For instance, we can create architectural or coding patterns that make it easier to write safer code (or, conversely, make it harder to introduce certain classes of bugs). We can provide standardized libraries for middleware that’s fraught with hazards, like authentication. Product engineering teams thereby save time by not having to implement authN themselves and we gain confidence that there aren’t a bunch of potentially jank, ad-hoc authN disasters lurking.
4. Abandon the perimeter model. Abandon the perimeter, moat-and-castle model that requires all software to be “secure” always and forever to uphold the security properties we want – because guess what, that assumption will inevitably fail. Many organizations already have dev, test, or staging environments that allow us to evaluate our assumptions about how our software works. These environments also serve as a pattern for creating isolated environments that can contain failure impact (see #7).
If your organization doesn’t already have a test or staging environment, that’s a great starter project for your cybersecurity team to make an impact; while you’re at it, advocate for integration testing, too.
5. Advise, don’t dictate. Provide an advisory service where software engineers can ask us for assistance or guidance on security-related matters. It’s better if designers and engineers can balance security tradeoffs with the others they face such as reliability, maintainability, and time-to-market instead of the security team dictating design requirements. This is a key way to align the cybersecurity program with the business.

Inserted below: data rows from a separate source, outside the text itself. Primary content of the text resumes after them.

(* Let $(V_1,\dots,V_n)$ be an $n$-tuple of doubly non-commuting isometries on a Hilbert space $H$. For $A\subseteq\{1,\dots,n\}$ put $P_A=\prod_{i\in A}P_i^{\mathrm{iso}}\prod_{i\in A^c}P_i^{\mathrm{uni}}$ and $H_A=P_A(H)$. Then $H_A=\bigcap_{i\in A}H^{\mathrm{iso}}(V_i)\cap\bigcap_{i\in A^c}H^{\mathrm{uni}}(V_i)$, and $H=\bigoplus_{A\subseteq\{1,\dots,n\}}H_A$ is an orthogonal Hilbert direct sum in which every $H_A$ reduces every $V_i$; for all $A$ and $i$, $V_i|_{H_A}$ is a pure isometry if $i\in A$ and unitary if $i\in A^c$. Furthermore, if $L$ is a subspace of $H$ reducing all of $V_1,\dots,V_n$ and $A\subseteq\{1,\dots,n\}$, with $P_L$ the projection onto $L$, the following are equivalent: (1) $V_i|_L$ is a pure isometry for all $i\in A$ and unitary for all $i\in A^c$; (2) $L\subseteq H_A$; (3) $P_LP_A=P_L$.
   Context: Fix $n\ge1$ and $z_{ij}\in\mathbb T$ ($i\ne j$) with $z_{ji}=\overline{z_{ij}}$; $(V_1,\dots,V_n)$ is doubly non-commuting if the $V_i$ are isometries with $V_i^*V_j=\overline{z_{ij}}V_jV_i^*$ for $i\ne j$. Subspaces are closed, projections orthogonal, $A^c$ is the complement of $A$ in $\{1,\dots,n\}$, empty products are the identity. For an isometry $S$: $H^{\mathrm{iso}}(S)=\bigoplus_{k\ge0}S^k(\ker S^* )$ (orthogonal sum) and $H^{\mathrm{uni}}(S)=\bigcap_{k\ge0}S^k(H)$; $P_i^{\mathrm{iso}},P_i^{\mathrm{uni}}$ are the projections onto $H^{\mathrm{iso}}(V_i),H^{\mathrm{uni}}(V_i)$ (these $2n$ projections commute pairwise, so the order in $P_A$ is irrelevant). For an invariant subspace $L$, $S|_L$ is a pure isometry if $\{0\}$ is the only $S$-invariant subspace of $L$ on which $S$ is unitary. *)

From HB Require Import structures.
From mathcomp Require Import all_boot all_order all_algebra.
From mathcomp Require Import reals complex.
Set Implicit Arguments. Unset Strict Implicit. Unset Printing Implicit Defensive.
Import Order.TTheory GRing.Theory Num.Theory.
Local Open Scope ring_scope.

Definition nrm2 (R : realType) (V : lmodType R[i]) (dot : V -> V -> R[i])
  (x : V) : R := complex.Re (dot x x).

Definition converges_to (R : realType) (V : lmodType R[i]) (dot : V -> V -> R[i])
  (u : nat -> V) (l : V) : Prop :=
  forall e : R, 0 < e -> exists N, forall m, (N <= m)%N -> nrm2 dot (u m - l) < e.

Definition cauchy_seq (R : realType) (V : lmodType R[i]) (dot : V -> V -> R[i])
  (u : nat -> V) : Prop :=
  forall e : R, 0 < e -> exists N, forall m k, (N <= m)%N -> (N <= k)%N ->
    nrm2 dot (u m - u k) < e.

Record hilbert (R : realType) := Hilbert {
  hsort :> lmodType R[i];
  hdot : hsort -> hsort -> R[i];
  hdot_linl : forall (a : R[i]) (x x' y : hsort),
      hdot (a *: x + x') y = a * hdot x y + hdot x' y;
  hdot_sym : forall x y : hsort, hdot y x = (hdot x y)^*;
  hdot_ge0 : forall x : hsort, 0 <= hdot x x;
  hdot_eq0 : forall x : hsort, hdot x x = 0 -> x = 0;
  hcomplete : forall u : nat -> hsort, cauchy_seq hdot u ->
      exists l, converges_to hdot u l
}.
(* Let $\mathcal{G}$ be a connected undirected network graph with a given set of monitors, let $\mathcal{B}$ be a biconnected component of $\mathcal{G}$, and let $\mathcal{T}$ be a triconnected component of $\mathcal{B}$ with vantages $\{\mu_i\}$. Then for each vantage $\mu_i$ there exists an external $\mu_i$-to-agent path $\mathcal{P}_i$ (where $\mathcal{P}_i$ is the degenerate single-node path $\mu_i$ if $\mu_i$ is an agent) such that $\mathcal{P}_i$ is internally vertex disjoint from all the other $\mu_j$-to-agent paths $\mathcal{P}_j$, $j\neq i$.
   Context: $\mathcal{G}$ is an undirected connected graph; some nodes are monitors. A biconnected component is a maximal 2-vertex-connected subgraph (or a bridge). For a biconnected component $\mathcal{B}$, a node $v\in V(\mathcal{B})$ is an agent of $\mathcal{B}$ if $v$ is a monitor, or $v$ is a cut-vertex of $\mathcal{G}$ through which $\mathcal{B}$ is connected to a monitor outside $\mathcal{B}$. The triconnected components of $\mathcal{B}$ are obtained by the standard (Hopcroft–Tarjan) decomposition: repeatedly splitting along 2-vertex cuts $\{a,b\}$, adding a virtual link $ab$ to each side, until every piece is 3-vertex-connected, a triangle, or a single link. For a triconnected component $\mathcal{T}$ of $\mathcal{B}$, a node of $\mathcal{T}$ is a vantage if it is an agent of $\mathcal{B}$, or it belongs to a 2-vertex cut $\{a,b\}\subseteq V(\mathcal{T})$ of $\mathcal{B}$ that separates $\mathcal{T}$ from some agent of $\mathcal{B}$. An external $\mu$-to-agent path is a path in $\mathcal{G}$ from the vantage $\mu$ to an agent of $\mathcal{B}$ none of whose vertices other than $\mu$ lies in $\mathcal{T}$. Two paths are internally vertex disjoint if no internal vertex of either path lies on the other path (they may share end-points). *)

(* Finite simple graphs over a finType V, given by a
   symmetric irreflexive relation G : rel V. *)
From mathcomp Require Import all_boot.
Set Implicit Arguments. Unset Strict Implicit. Unset Printing Implicit Defensive.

6. Ask platform teams to integrate security. Work proactively with infrastructure and platform teams to integrate security use cases into their designs, so that the wider product engineering community can delegate security concerns to the libraries and templates they’re using.
7. Provide isolation patterns. Provide software engineering teams with mechanisms to isolate COTS software. The goal is to, at a minimum, make it compliant and reduce incident impact by design. That way, our engineering teams don’t have to beg vendors to implement our organization’s special snowflake security requirements (what the rest of the world would consider “bizarre”) or fork open-source software (OSS) to implement those requirements ourselves.
8. Conduct user research.6 Make the more secure / safer way the more delightful way, too: faster, easier, simpler. By conducting user research – taking the time to understand our users’ goals, constraints, workflows, and emotional journeys in a given activity – we can tailor the solutions we build and implement to help them achieve what they want in a safe way.
As one relatively common example, rolling out SSO can result in a delightful experience for engineering teams because all their apps are now in one place; the user just needs to SSO into their apps for access rather than maintaining N separate accounts (reducing the number of steps)7. It means we’ve improved security while boosting speed and ease of use. Our business will be dead chuffed.
Towards better cybering
I mentioned that I’ve heard people sincerely describe the CISO role as one of the hardest jobs in corporate America. They should be delighted to hear that the CISOs I know who follow at least some of the above seem to enjoy their jobs much more than those who are still attempting to use carriage whips to steer their devs.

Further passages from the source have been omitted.